Ух ты! Гарольд. Красивое имя, яркое.
Родители уехали на несколько дней, присматривать новый дом, и я могла задерживаться на своей новой чудесной работе допоздна. Первый день мы только разговаривали. Александру Николаевичу было за пятьдесят. Всю жизнь он преподавал студентам в университете, так заслужив звание профессора.
А к обеду пришел Гарольд. Точнее, именно примчался! Отложной широкий воротник, расстегнутый на две пуговицы, рубашка апельсинного цвета, взъерошенные темно-русые волосы и вечно сияюще-озабоченный полный энтузиазма взгляд... От волнения я потеряла дар речи. Гарольд поразил меня совершенно!
— … они мне говорят, надо уточнить теорию вращения Луны. А я им — она же все равно всегда одной стороной к Земле повернута, так что надо уточнять параметры вращения Земли.А это, Сашка, я сделал еще на прошлой неделе!
Александр Николаевич тихо слушал, улыбался, сидя напротив меня, перекладывал какие-то бумажки. Я тоже восхищалась молча. Боже, как же он должен рвать оппонентов на семинарах и заседаниях, боже, боже, как я хочу на это посмотреть!
Меня представили. Гарольд, конечно, был космологом мировой величины, равный Хокингу и Пенроузу. Он одарил меня ослепительной улыбкой, от которой мне захотелось выучить наизусть все сочинения Ландафшица и впридачу последнее двухтомное издание Вайнберга в переводе того же Гарольда (Гарольд знал не только английский, но еще испанский, китайский и итальянский, кроме того, умел отлично рисовать и писал фантастические рассказы — об этом я узнала несколько минут спустя от самого Гарольда).
Наговорившись, Гарольд потащил нас обоих на какую-то защиту, кажется, докторской, этажом выше, которая начиналась почему-то в шесть вечера. На презентации Гарольд мигом нашел ошибку в формуле докладчика, тут же привел контрпример, доказал какую-то теорему (я, правда, поти ничего не поняла). Гарольду аплодировали, опозоренного диссертанта прогнали взашей... Банкета, по понятным причинам, не было. Гарольд укатил куда-то с иностранными корреспондентами, а я, уставшая и страшно счастливая, спустилась в кабинет Александра Николаевича допивать остывший чай. Уходя, нечаянно скользнула взглядом по его бумагам. Большей частью это были белые листы, кое-где я разглядела рисунки рыцарей в шлемах и несколько строк простых алгебраических формул. Школьных формул. "Ну и студенты у него!" — удивленно подумала я и тут же забыла об этом. Осталось только казавшееся мне правильным ощущение, что бедненькому серенькому Александру Николаевичу очень далеко до великолепного Гарольда. И абсолютно счастливая, побежала домой. Было за полночь.

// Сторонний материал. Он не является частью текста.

(* Let $X$ be a real Hausdorff locally convex topological vector space, let $f:X\to\overline{\mathbb R}$ be proper, convex and lower semicontinuous, and let $U\subseteq\operatorname{dom} f$ be self-segment-dense in $\operatorname{dom} f$. Assume further that $\operatorname{co}(U)$ is segment-dense in $\operatorname{dom} f$. Then $\overline{f_U}=\overline{f_{\operatorname{co}(U)}}=f$ on $X$ and $\inf_{x\in U}f(x)=\inf_{x\in X}f(x)$.
   Context: $\overline{\mathbb R}=\mathbb R\cup\{\pm\infty\}$; $\operatorname{dom} f=\{x:f(x)<+\infty\}$; proper: $\operatorname{dom} f\ne\emptyset$ and $f>-\infty$. $\operatorname{co}$ is the convex hull. For $W\subseteq\operatorname{dom} f$: $\operatorname{epi} f_W=\{(w,r)\in W\times\mathbb R:f(w)\le r\}$ and $\overline{f_W}$ is the function on $X$ whose epigraph is $\operatorname{cl}(\operatorname{epi} f_W)$ in $X\times\mathbb R$. $[x,y]=\{x+t(y-x):t\in[0,1]\}$. Self-segment-dense: for convex $V$ and $U\subseteq V$, $U$ is self-segment-dense in $V$ if $V\subseteq\operatorname{cl}U$ and for all $x,y\in U$, $[x,y]\cap U$ is dense in $[x,y]$. Segment-dense: for convex $V$ and $U\subseteq V$, $U$ is segment-dense in $V$ if for each $x\in V$ there is $y\in U$ such that $x$ is a cluster point of $[x,y]\cap U$. *)

From Stdlib Require Import Reals ClassicalEpsilon.
Set Implicit Arguments.
Open Scope R_scope.

Inductive ereal := Fin (r : R) | PInf | NInf.

Definition ele (a b : ereal) : Prop :=
  match a, b with
  | NInf, _ => True
  | _, PInf => True
  | Fin x, Fin y => x <= y
  | _, _ => False
  end.

(** Greatest lower bound in the extended reals, and the infimum operator
    (which exists since the extended reals are complete). *)
Definition is_einf (S : ereal -> Prop) (v : ereal) : Prop :=
  (forall a, S a -> ele v a) /\
  (forall w, (forall a, S a -> ele w a) -> ele w v).

Definition Einf (S : ereal -> Prop) : ereal :=
  epsilon (inhabits PInf) (is_einf S).

Record LCS := {
  car :> Type;
  vzero : car;
  vadd : car -> car -> car;
  vopp : car -> car;
  vscal : R -> car -> car;
  vopen : (car -> Prop) -> Prop;
  add_assoc : forall x y z, vadd x (vadd y z) = vadd (vadd x y) z;
  add_comm : forall x y, vadd x y = vadd y x;
  add_zero : forall x, vadd x vzero = x;
  add_opp : forall x, vadd x (vopp x) = vzero;
  scal_one : forall x, vscal 1 x = x;
  scal_assoc : forall a b x, vscal a (vscal b x) = vscal (a * b) x;
  scal_distr_v : forall a x y, vscal a (vadd x y) = vadd (vscal a x) (vscal a y);
  scal_distr_s : forall a b x, vscal (a + b) x = vadd (vscal a x) (vscal b x);
  open_full : vopen (fun _ => True);
  open_inter : forall A B, vopen A -> vopen B -> vopen (fun x => A x /\ B x);
  open_union : forall F : (car -> Prop) -> Prop,
      (forall A, F A -> vopen A) -> vopen (fun x => exists A, F A /\ A x);
  add_cont : forall x y W, vopen W -> W (vadd x y) ->
      exists U V, vopen U /\ vopen V /\ U x /\ V y /\
        (forall u v, U u -> V v -> W (vadd u v));
  scal_cont : forall a x W, vopen W -> W (vscal a x) ->
      exists d V, 0 < d /\ vopen V /\ V x /\
        (forall b v, Rabs (b - a) < d -> V v -> W (vscal b v));
  hausdorff : forall x y, x <> y ->
      exists U V, vopen U /\ vopen V /\ U x /\ V y /\
        (forall z, U z -> V z -> False);
  locally_convex : forall W, vopen W -> W vzero ->
      exists V, vopen V /\ V vzero /\ (forall x, V x -> W x) /\
        (forall x y t, V x -> V y -> 0 <= t <= 1 ->
           V (vadd x (vscal t (vadd y (vopp x)))))
}.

Звонили родители. Сказали, задержатся на неделю — что-то там, похоже, случилось с железнодорожными путями, поезда не ходили из-за обвалов. С одной стороны, хорошо, но с другой стороны я привыкла к полному холодильнику и готовому ужину, и каждый день вечером в пустой квартире чувствовала себя не так уж уютно.
Шли дни. Я возилась с астрометрическими таблицами. Александр Николаевич ходил почему-то мрачный, мало со мной разговаривал. Гарольд появлялся время от времени, носился по кабинету, сверкая белозубой улыбкой и не обращая внимания на печального Александра Николаевича, увлеченно рассказывал каждый раз про какие-то новые задачи. "Разве можно каждый день брать новую задачу?" — наростало во мне удивление от такой сияющей и порхающей гениальности. Все это выглядело как-то очень уж неправдоподобно, хотя лоск и блеск рассказов самого Гарольда об очередных диспутах и победах каждый раз убеждал меня, что у него все чудесно — чудесно, как блестящая вывеска. Потом Гарольд снова куда-то убегал, а у меня в глубине оседал нехороший осадок фальши, огорчающий меня все больше...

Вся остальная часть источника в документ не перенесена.